C’est en appel Visio à 21h que j’ai pu recueillir le témoignage de Quentin, étudiant en 3ème année d’Éducateur Spécialisé par Voie Directe (ESVD), en échangeant avec lui d’une façon très ouverte et sans langue de bois. Fier de son choix professionnel et le sourire aux lèvres, le jeune homme m’a livré avec beaucoup d’enthousiasme son parcours de vie, son ressenti par rapport à sa jeune mais déjà riche expérience, sa vision du monde de la Protection de l’Enfance, et ses projets dans ce secteur d’activité. En répondant très clairement à mes questions, il m’a apporté un point de vue personnel et enrichissant sur une formation méconnue, celle d’éducateur spécialisé.


— Bonsoir Quentin. Peux-tu te présenter, nous parler de ton parcours scolaire et de ta future profession ?


— Bonsoir Frédéric. Je m’appelle Quentin, j’ai 19 ans et suis né en Alsace. En 2006, ma famille est venue s’installer à Saint-Dizier en Haute-Marne, où j’ai obtenu mon Baccalauréat ST2S (Sciences et Technologies de la Santé et du Social). J’ai ensuite rejoint l’IRTS (Institut Régional du Travail Social) de Nancy-Lorraine pour entamer une formation en alternance de trois années d’Educateur Spécialisé par Voie Directe. À l’issue de ces trois années, je détiendrai un diplôme d’Etat me permettant d’exercer le métier d’éducateur spécialisé. J’alterne cours et stages immersifs, pour me préparer à mon futur emploi.


— Très bien. En quoi consistera ton futur métier, justement ?


— Mon rôle sera d’accompagner et d’orienter des personnes aux profils hétérogènes et éclectiques, se trouvant dans le besoin et en difficulté mais surtout qui le souhaitent. On ne peut malheureusement pas aider les gens malgré eux.
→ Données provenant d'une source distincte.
Theorem lemma2p2 (k : closedFieldType) (n a b c y1 y2 z1 z2 : nat) :
  (2 <= n)%N -> (3 <= b <= n - 1)%N -> (1 <= c <= b - 2)%N ->
  in_wing n a c y1 y2 -> in_wing n (a + c + 1) (b - c - 1) z1 z2 ->
  [/\ (* (i) *)
      (forall f : 'M[k]_(y2, z2), is_Tmap n z1 z2 y1 y2 f -> f = 0%R),
      (* (ii) *)
      (forall f : 'M[k]_(z2, y2), is_Tmap n y1 y2 z1 z2 f -> f = 0%R),
      (* (iii) *)
      ((exists Psi : 'M[k]_(z2, y2), Dmap_nz n z1 z2 y1 y2 Psi) <->
         left_edge n (a + c + 1) (b - c - 1) z1 z2 /\ right_edge n a c y1 y2) /\
      (forall Psi : 'M[k]_(z2, y2), Dmap_nz n z1 z2 y1 y2 Psi ->
         Dfactors n z1 z2 y1 y2 (a + c + 1) (b - c - 1) a c Psi) &
      (* (iv) *)
      ((exists Psi : 'M[k]_(y2, z2), Dmap_nz n y1 y2 z1 z2 Psi) <->
         [/\ right_edge n (a + c + 1) (b - c - 1) z1 z2, left_edge n a c y1 y2
           & b = (n - 1)%N]) /\
      (forall Psi : 'M[k]_(y2, z2), Dmap_nz n y1 y2 z1 z2 Psi ->
         Dfactors n y1 y2 z1 z2 a b a b Psi)].
Proof.
move=> _ Hb Hc HY HZ; split; [ | | split | split].
- exact: (Tmap_Y'Z'_eq0 Hb Hc HY HZ).
- exact: (Tmap_Z'Y'_eq0 Hb Hc HY HZ).
- exact: (Dmap_Z'Y'_exists_iff Hb Hc HY HZ).
- exact: (Dmap_Z'Y'_factors Hb Hc HY HZ).
- exact: (Dmap_Y'Z'_exists_iff Hb Hc HY HZ).
- exact: (Dmap_Y'Z'_factors Hb Hc HY HZ).
Qed.
Lemma nested_oracle_bound (mu : 'cV[R]_n) (Om : 'M[R]_n) M :
  (0 < n)%N -> (2 <= M <= q)%N -> posdef Om ->
  (forall m, (1 <= m < M)%N -> theta X nu mu Om m.+1 <= theta X nu mu Om m) ->
  exists k : 'I_M, forall w : 'rV[R]_M, in_simplex w ->
    bias_variance mu Om (Pm X nu k.+1) <= 2 * bias_variance mu Om (Pw X nu w).
Proof.
move=> n_gt0 /andP[M2 Mq] Om_pd theta_noninc.
have incrE j : (j < M)%N -> chain_incr (model_chain M) j = Pm X nu j.+1 - Pm X nu j.
  by move=> jM; rewrite /chain_incr !model_chainE // ltnW.
pose a i := \tr (chain_incr (model_chain M) i *m (mu *m mu^T)).
pose b i := \tr (chain_incr (model_chain M) i *m Om).
have ratio_noninc j : (j.+1 < M)%N -> a j.+1 / b j.+1 <= a j / b j.
  move=> jM; have := theta_noninc j.+1; rewrite jM => /(_ isT).
  rewrite /theta /a /b !incrE ?(ltnW jM) // !quadform_mxtrace -!mulrA.
  by rewrite ler_pM2l // invr_gt0 ltr0n.
have [k k_bound] := chain_oracle_bound (ltnW M2) (model_chain0 M) (model_chain_top M)
  (fun m _ => model_chain_sym M m) (model_chain_mul Mq) (model_chain_strict Mq) Om_pd ratio_noninc.
exists k => w w_simplex.
have -> : Pm X nu k.+1 = model_chain M k.+1 by rewrite model_chainE.
have -> : Pw X nu w = \sum_(m < M) w 0 m *: model_chain M m.+1.
  by apply: eq_bigr => m _; rewrite model_chainE.
exact: k_bound.
Qed.
End NestedModels.

Lemma argmin_le d (T : porderType d) (A : eqType) (P : A -> Prop) (f : A -> T) x0 :
  (forall x, P x -> x <> x0 -> (f x0 < f x)%O) -> forall x, P x -> (f x0 <= f x)%O.
Proof.
move=> x0_min x Px; case: (eqVneq x x0) => [->|/eqP x_neq]; first exact: lexx.
exact/ltW/x0_min.
Qed.

Theorem theorem1 (R : realType) (d : measure_display) (T : measurableType d)
  (P : probability T R)
  (p q M : nat -> nat) (nu : nat -> nat -> nat)
  (X : forall n : nat, 'M[R]_(n, p n)) (beta : forall n : nat, 'cV[R]_(p n))
  (Omega : forall n : nat, 'M[R]_n) (eps : forall n : nat, 'I_n -> T -> R)
  (mstar : nat -> nat) (wstar : forall n : nat, 'rV[R]_(M n)) (N0 : nat) :
  (* setting, for every n >= N0 *)
  (forall n, (N0 <= n)%N -> (p n < n)%N) ->
  (forall n, (N0 <= n)%N ->
     nu n 0%N = 0%N /\ (forall m, (m < q n)%N -> (nu n m < nu n m.+1)%N) /\
     nu n (q n) = p n) ->
  (forall n, (N0 <= n)%N -> forall m, (1 <= m <= q n)%N ->
     \rank (colsfirst (X n) (nu n m)) = nu n m) ->
  (forall n, (N0 <= n)%N -> (2 <= M n <= q n)%N) ->
  (forall n, (N0 <= n)%N -> forall i : 'I_n,
     eps n i \in Lfun P 2%:E /\ ('E_P[eps n i] = 0)%E) ->
  (forall n, (N0 <= n)%N -> forall i j : 'I_n,
     covariance P (eps n i) (eps n j) = (Omega n i j)%:E) ->
  (forall n, (N0 <= n)%N -> forall v : 'cV[R]_n,
     v != 0 -> 0 < (v^T *m Omega n *m v) 0 0) ->
  (* m_n^* : unique minimizer of R_n(m) over {1..M_n} *)
  (forall n, (N0 <= n)%N ->
     (1 <= mstar n <= M n)%N /\
     forall m, (1 <= m <= M n)%N -> m <> mstar n ->
       (risk P (X n *m beta n) (eps n) (Pm (X n) (nu n) (mstar n))
        < risk P (X n *m beta n) (eps n) (Pm (X n) (nu n) m))%E) ->
  (* w_n^* : unique minimizer of R_n(w) over W_n *)
  (forall n, (N0 <= n)%N ->
     in_simplex (wstar n) /\
     forall w : 'rV[R]_(M n), in_simplex w -> w <> wstar n ->
       (risk P (X n *m beta n) (eps n) (Pw (X n) (nu n) (wstar n))
        < risk P (X n *m beta n) (eps n) (Pw (X n) (nu n) w))%E) ->
  (* Assumption 1 *)
  (exists C : R, exists N : nat, forall n, (N <= n)%N ->
     sqnorm (X n *m beta n) / n%:R <= C) ->
  (* Assumption 2 *)
  (exists c1 c2 : R, 0 < c1 /\ c1 <= c2 /\
     forall n, (N0 <= n)%N -> forall a : R, eigenvalue (Omega n) a ->
       c1 < a /\ a < c2) ->
  (* Assumption 3 *)
  (exists N : nat, forall n, (N <= n)%N -> forall m, (1 <= m < q n)%N ->
     theta (X n) (nu n) (X n *m beta n) (Omega n) m.+1
       <= theta (X n) (nu n) (X n *m beta n) (Omega n) m) ->
  (* Assumption 6 *)
  (exists N : nat, forall n, (N <= n)%N ->
     let Rn := fun m => risk P (X n *m beta n) (eps n) (Pm (X n) (nu n) m) in
     let dd := dn (X n) (nu n) (X n *m beta n) (Omega n) (q n) in
     exists m', (1 <= m' <= dd - 1)%N /\
       (forall m, (2 <= m <= m')%N -> (Rn m < Rn (m - 1)%N)%E) /\
       (forall m, (m' < m <= dd)%N -> (Rn (m - 1)%N <= Rn m)%E) /\
       (Rn (dd - 1)%N < Rn dd)%E) ->
  (* conclusion: for all large n, R_n(m_star)/2 <= R_n(w_star) <= R_n(m_star) *)
  exists N : nat, forall n, (N <= n)%N ->
    ((2^-1)%:E * risk P (X n *m beta n) (eps n) (Pm (X n) (nu n) (mstar n))
       <= risk P (X n *m beta n) (eps n) (Pw (X n) (nu n) (wstar n)))%E /\
    (risk P (X n *m beta n) (eps n) (Pw (X n) (nu n) (wstar n))
       <= risk P (X n *m beta n) (eps n) (Pm (X n) (nu n) (mstar n)))%E.
Proof.
move=> p_lt_n nu_spec X_rank M_range eps_mom eps_cov Om_pd mstar_min wstar_min _ _ [N3 theta_noninc] _.
exists (maxn N0 N3) => n; rewrite geq_max => /andP[nN0 nN3].
have [nu0 [nu_incr _]] := nu_spec n nN0.
have /andP[M2 Mq] := M_range n nN0.
have riskE := risk_bias_variance (eps_mom n nN0) (eps_cov n nN0) (X n *m beta n).
have n_gt0 : (0 < n)%N := leq_ltn_trans (leq0n _) (p_lt_n n nN0).
have theta_noninc_M m : (1 <= m < M n)%N -> theta (X n) (nu n) (X n *m beta n) (Omega n) m.+1
    <= theta (X n) (nu n) (X n *m beta n) (Omega n) m.
  by case/andP=> m1 mM; apply: theta_noninc; rewrite // m1 (leq_trans mM Mq).
have [k k_bound] := nested_oracle_bound nu0 nu_incr (X_rank n nN0) n_gt0 (M_range n nN0)
  (Om_pd n nN0) theta_noninc_M.
have [w_simplex w_min] := wstar_min n nN0.
have [/andP[m1 mM] m_min] := mstar_min n nN0.
have mstar_le := argmin_le m_min; have wstar_le := argmin_le w_min.
split.
- have := mstar_le k.+1 (ltn_ord k); rewrite !riskE -EFinM !lee_fin.
  by have := k_bound _ w_simplex; lra.
- have mM' : ((mstar n).-1 < M n)%N by rewrite prednK.
  have := wstar_le _ (unit_weight_simplex (Ordinal mM')).
  by rewrite /Pw lincomb_unit_weight /= prednK.
Qed.
Section PseudoCosine.
Variables (R : realFieldType) (D : nat) (a b c : nat -> nat).
Hypotheses (c0 : c 0%N = 0%N) (a0 : a 0%N = 0%N).
Hypothesis valency : forall d, (d <= D)%N -> (c d + a d + b d)%N = b 0%N.
Hypothesis c_gt0 : forall d, (0 < d <= D)%N -> (0 < c d)%N.

Local Notation k := ((b 0%N)%:R : R).

Lemma pcs0 (s : nat -> R) : is_pseudo_cosine D a b c s -> s 0%N = 1.
Proof. by case=> th []. Qed.

Lemma pcs_rec (s : nat -> R) : is_pseudo_cosine D a b c s -> forall i, (i < D)%N ->
  (c i)%:R * s i.-1 + (a i)%:R * s i + (b i)%:R * s i.+1 = k * s 1%N * s i.
Proof.
case=> th [s0 rec] i iD; rewrite rec //; congr (_ * _).
have := rec 0%N (leq_ltn_trans (leq0n i) iD).
by rewrite c0 a0 s0 !mul0r !add0r mulr1 => ->.
Qed.

Lemma pcs_succ_neq0 (s : nat -> R) j : is_pseudo_cosine D a b c s ->
  (j < D)%N -> s j = 0 -> s j.+1 != 0.
Proof.
move=> spcs; elim: j => [|j IHj] jD sj0.
  by move: sj0; rewrite (pcs0 spcs) => /eqP; rewrite oner_eq0.
apply/eqP => sj1; have := pcs_rec spcs jD.
rewrite sj0 sj1 /= !mulr0 !addr0 => /eqP; rewrite mulf_eq0 pnatr_eq0 eqn0Ngt c_gt0 ?(ltnW jD) //=.
by move/eqP/(IHj (ltnW jD)); rewrite sj0 eqxx.
Qed.

Lemma pcs_pred_neq0 (s : nat -> R) j : is_pseudo_cosine D a b c s ->
  (j < D)%N -> s j.+1 = 0 -> s j != 0.
Proof. by move=> spcs jD sj1; apply/eqP => /(pcs_succ_neq0 spcs jD); rewrite sj1 eqxx. Qed.

Lemma pcs_neq0_of_pred_eq_succ (s : nat -> R) i : is_pseudo_cosine D a b c s ->
  (0 < i < D)%N -> s i.-1 = s i.+1 -> s i != 0.
Proof.
move=> spcs /andP[i_gt0 iD] sym; apply/eqP => si0.
have := pcs_rec spcs iD; rewrite -sym si0 !mulr0 addr0 -mulrDl => /eqP.
rewrite mulf_eq0 -natrD pnatr_eq0 addn_eq0 eqn0Ngt c_gt0 ?i_gt0 ?(ltnW iD) //=.
have iD' : (i.-1 < D)%N by rewrite (leq_ltn_trans (leq_pred i)).
by move/eqP/(pcs_succ_neq0 spcs iD'); rewrite prednK // si0 eqxx.
Qed.

Hypothesis D_gt2 : (2 < D)%N.
Hypothesis a_gt0 : forall d, (0 < d < D)%N -> (0 < a d)%N.
Hypothesis b_gt0 : forall d, (d < D)%N -> (0 < b d)%N.

Let k_eq d : (d <= D)%N -> k = (c d)%:R + (a d)%:R + (b d)%:R.
Proof. by move=> dD; rewrite -!natrD valency. Qed.

Let D_gt1 : (1 < D)%N. Proof. exact: ltnW D_gt2. Qed.

Lemma pcs2_of_pcs1_eqN1 (g : nat -> R) : is_pseudo_cosine D a b c g ->
  g 1%N = -1 -> (b 1%N)%:R * (g 2%N - 1) = 2 * (a 1%N)%:R.
Proof.
move=> gpcs g1; have := pcs_rec gpcs D_gt1.
by rewrite /= (pcs0 gpcs) g1 (k_eq (ltnW D_gt1)); lra.
Qed.

Lemma pcs1_eq1_of_const (f : nat -> R) : is_pseudo_cosine D a b c f ->
  f 2%N = f 1%N -> f 3%N = f 1%N -> f 1%N = 1.
Proof.
move=> fpcs f2 f3.
have C1 : 0 < (c 1%N)%:R :> R by rewrite ltr0n c_gt0 //; lia.
have f1_neq0 : f 1%N != 0.
  apply/eqP => f10; have := pcs_rec fpcs D_gt1.
  by rewrite /= (pcs0 fpcs) f2 f10; lra.
have : k * f 1%N * (1 - f 1%N) = 0.
  by have := pcs_rec fpcs D_gt2; rewrite /= f2 f3 (k_eq (ltnW D_gt2)); lra.
have b0_gt0 : (0 < b 0%N)%N by apply: b_gt0; lia.
move/eqP; rewrite !mulf_eq0 (negbTE f1_neq0) pnatr_eq0 eqn0Ngt b0_gt0 /=.
by rewrite subr_eq0 => /eqP <-.
Qed.

Lemma pcs_not_alternating (g : nat -> R) : is_pseudo_cosine D a b c g ->
  g 1%N = -1 -> g 3%N = - g 2%N -> False.
Proof.
move=> gpcs g1 g3; have g2 := pcs2_of_pcs1_eqN1 gpcs g1.
have g2E : ((c 2%N)%:R + 2 * (a 2%N)%:R) * g 2%N = (c 2%N)%:R.
  by have := pcs_rec gpcs D_gt2; rewrite /= g1 g3 (k_eq (ltnW D_gt2)); lra.
have : (b 1%N)%:R * (c 2%N)%:R = ((b 1%N)%:R + 2 * (a 1%N)%:R) * ((c 2%N)%:R + 2 * (a 2%N)%:R) :> R.
  by rewrite -{1}g2E -g2; ring.
have C2 : 0 < (c 2%N)%:R :> R by rewrite ltr0n c_gt0 //; lia.
have A1 : 0 < (a 1%N)%:R :> R by rewrite ltr0n a_gt0 //; lia.
have B1 : 0 < (b 1%N)%:R :> R by rewrite ltr0n b_gt0 //; lia.
have A2 : 0 <= (a 2%N)%:R :> R := ler0n _ _.
nra.
Qed.

Lemma not_pcs_diff_mul_sum_eq0 (f g : nat -> R) :
  is_pseudo_cosine D a b c f -> is_pseudo_cosine D a b c g -> f 1%N != 1 ->
  ~ (forall j, (0 < j <= 3)%N -> (f j - f j.-1) * (g j + g j.-1) = 0).
Proof.
move=> fpcs gpcs f1_neq1 H.
have g1 : g 1%N = -1.
  move/eqP: (H 1%N isT); rewrite /= (pcs0 fpcs) (pcs0 gpcs) mulf_eq0 subr_eq0.
  by rewrite (negbTE f1_neq1) addr_eq0 => /eqP.
have f2 : f 2%N = f 1%N.
  move/eqP: (H 2%N isT); rewrite mulf_eq0 /= g1 subr_eq0 => /orP[/eqP // | /eqP g21].
  have A1 : 0 < (a 1%N)%:R :> R by rewrite ltr0n a_gt0 //; lia.
  by have := pcs2_of_pcs1_eqN1 gpcs g1; rewrite (_ : g 2%N = 1) ?subrr ?mulr0; lra.
move/eqP: (H 3%N isT); rewrite mulf_eq0 /= f2 subr_eq0 addr_eq0 => /orP[/eqP f3|/eqP g3].
  by move/eqP: f1_neq1; apply; apply: pcs1_eq1_of_const.
exact: pcs_not_alternating gpcs g1 g3.
Qed.

Variables (sigma rho : nat -> R) (eps : R).
Hypotheses (sigma_pcs : is_pseudo_cosine D a b c sigma) (sigma1 : sigma 1%N != 1).
Hypotheses (rho_pcs : is_pseudo_cosine D a b c rho) (rho1 : rho 1%N != 1).
Hypothesis aux : auxiliary_parameter D sigma rho eps.

Lemma aux_paramE i : (0 < i <= D)%N ->
  rho i * (sigma i - eps * sigma i.-1) = rho i.-1 * (sigma i.-1 - eps * sigma i).
Proof. by move/aux; lra. Qed.

Lemma aux_param_neq1 : eps != 1.
Proof.
apply/eqP => eps1; apply: (not_pcs_diff_mul_sum_eq0 sigma_pcs rho_pcs sigma1) => j j3.
have /aux_paramE : (0 < j <= D)%N by lia.
by rewrite eps1 !mul1r; lra.
Qed.

Lemma aux_param_neqN1 : eps != -1.
Proof.
apply/eqP => epsN1; apply: (not_pcs_diff_mul_sum_eq0 rho_pcs sigma_pcs rho1) => j j3.
have /aux_paramE : (0 < j <= D)%N by lia.
by rewrite epsN1 !mulN1r !opprK; lra.
Qed.

Lemma aux_param_cancel r v : r * (v - eps * (eps * v)) = 0 -> v != 0 -> r = 0.
Proof.
have -> : r * (v - eps * (eps * v)) = r * v * ((1 - eps) * (1 + eps)) by ring.
move/eqP; rewrite !mulf_eq0 subr_eq0 addr_eq0 (eq_sym 1) (negbTE aux_param_neq1).
by rewrite (eq_sym 1 (- eps)) eqr_oppLR (negbTE aux_param_neqN1) !orbF => /orP[/eqP|->].
Qed.

Variable i : nat.
Hypothesis i_range : (0 < i < D)%N.

Let iD : (i < D)%N. Proof. by case/andP: i_range. Qed.
Let predD : (i.-1 < D)%N. Proof. exact: leq_ltn_trans (leq_pred i) iD. Qed.
Let predK : i.-1.+1 = i. Proof. by case/andP: i_range => /prednK. Qed.

Let aux_at :
  rho i * (sigma i - eps * sigma i.-1) = rho i.-1 * (sigma i.-1 - eps * sigma i).
Proof. by apply: aux_paramE; lia. Qed.

Let aux_at_succ :
  rho i.+1 * (sigma i.+1 - eps * sigma i) = rho i * (sigma i - eps * sigma i.+1).
Proof. by apply: aux_paramE; lia. Qed.

Lemma sigma_pred_of_rho_eq0 : rho i = 0 -> sigma i.-1 = eps * sigma i.
Proof.
move=> r0; have w_neq0 : rho i.-1 != 0.
  by apply: (pcs_pred_neq0 rho_pcs predD); rewrite predK.
move: aux_at; rewrite r0 mul0r => /esym/eqP.
by rewrite mulf_eq0 (negbTE w_neq0) subr_eq0 => /eqP.
Qed.

Lemma sigma_succ_of_rho_eq0 : rho i = 0 -> sigma i.+1 = eps * sigma i.
Proof.
move=> r0; have := pcs_succ_neq0 rho_pcs iD r0.
move: aux_at_succ; rewrite r0 mul0r => /eqP.
by rewrite mulf_eq0 subr_eq0 => /orP[/eqP->|/eqP //]; rewrite eqxx.
Qed.

Lemma rho_eq0_of_sigma_pred : sigma i.-1 = eps * sigma i -> rho i = 0.
Proof.
move=> pred_eps; apply: (aux_param_cancel (v := sigma i)).
  by rewrite -pred_eps aux_at pred_eps subrr mulr0.
apply/eqP => v0; have u0 : sigma i.-1 = 0 by rewrite pred_eps v0 mulr0.
by have := pcs_succ_neq0 sigma_pcs predD u0; rewrite predK v0 eqxx.
Qed.

Lemma rho_eq0_of_sigma_succ : sigma i.+1 = eps * sigma i -> rho i = 0.
Proof.
move=> succ_eps; apply: (aux_param_cancel (v := sigma i)).
  by rewrite -succ_eps -aux_at_succ succ_eps subrr mulr0.
by apply/eqP => v0; have := pcs_succ_neq0 sigma_pcs iD v0; rewrite succ_eps v0 mulr0 eqxx.
Qed.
— J’imagine que c’est une des difficultés de ce métier, effectivement. Quels sont les différents profils que tu pourrais rencontrer, et les structures dans lesquelles tu pourrais travailler ?


— Concernant la Protection de l’Enfance, je pourrais rencontrer des jeunes gens, de 5 à 20 ans. Le but de cette institution est de les accompagner dans leurs études et leurs formations pour leur faciliter l’insertion professionnelle, mais aussi de leur permettre un développement personnel et cognitif, pour leur insertion sociale. Au sein de la Protection de l'enfance, il existe différentes structures.


— Peux-tu nous en citer quelques-unes, en nous expliquant leurs particularités ?


— Bien sûr. Il existe la Prévention Spécialisée. Elle ne se traduit pas par un accompagnement individualisé, car ce dernier en est son aboutissement. Le but étant de répondre aux besoins, non seulement des enfants, mais également des familles qui nécessitent une aide à la parentalité. Il existe un lien indissociable entre structure familiale et enfant. Pour accomplir cette mission, on fait appel à des éducateurs de rue, qui disposent d’un local en ville et dont la spécialité est le terrain.


— Comment entrent-ils en contact avec leur public ?


— Lors de “tours de rue”. Ce sont des maraudes qui consistent à aller à la rencontre d'un personnel ciblé afin de créer un lien entre eux et la structure. Il y a également des “échos” sur des personnes en difficultés. Ce sont des signalements effectués bien souvent par l’OPH (Office Public de l’Habitat), et qui nous amènent à intervenir, mais toujours dans un processus de demande d’aide. Et pour finir, certaines personnes viennent d’elles-mêmes nous rencontrer, après nous avoir identifiés lors des activités de rue qui peuvent être organisées au sein des quartiers prioritaires de la politique de la ville, dits QPV.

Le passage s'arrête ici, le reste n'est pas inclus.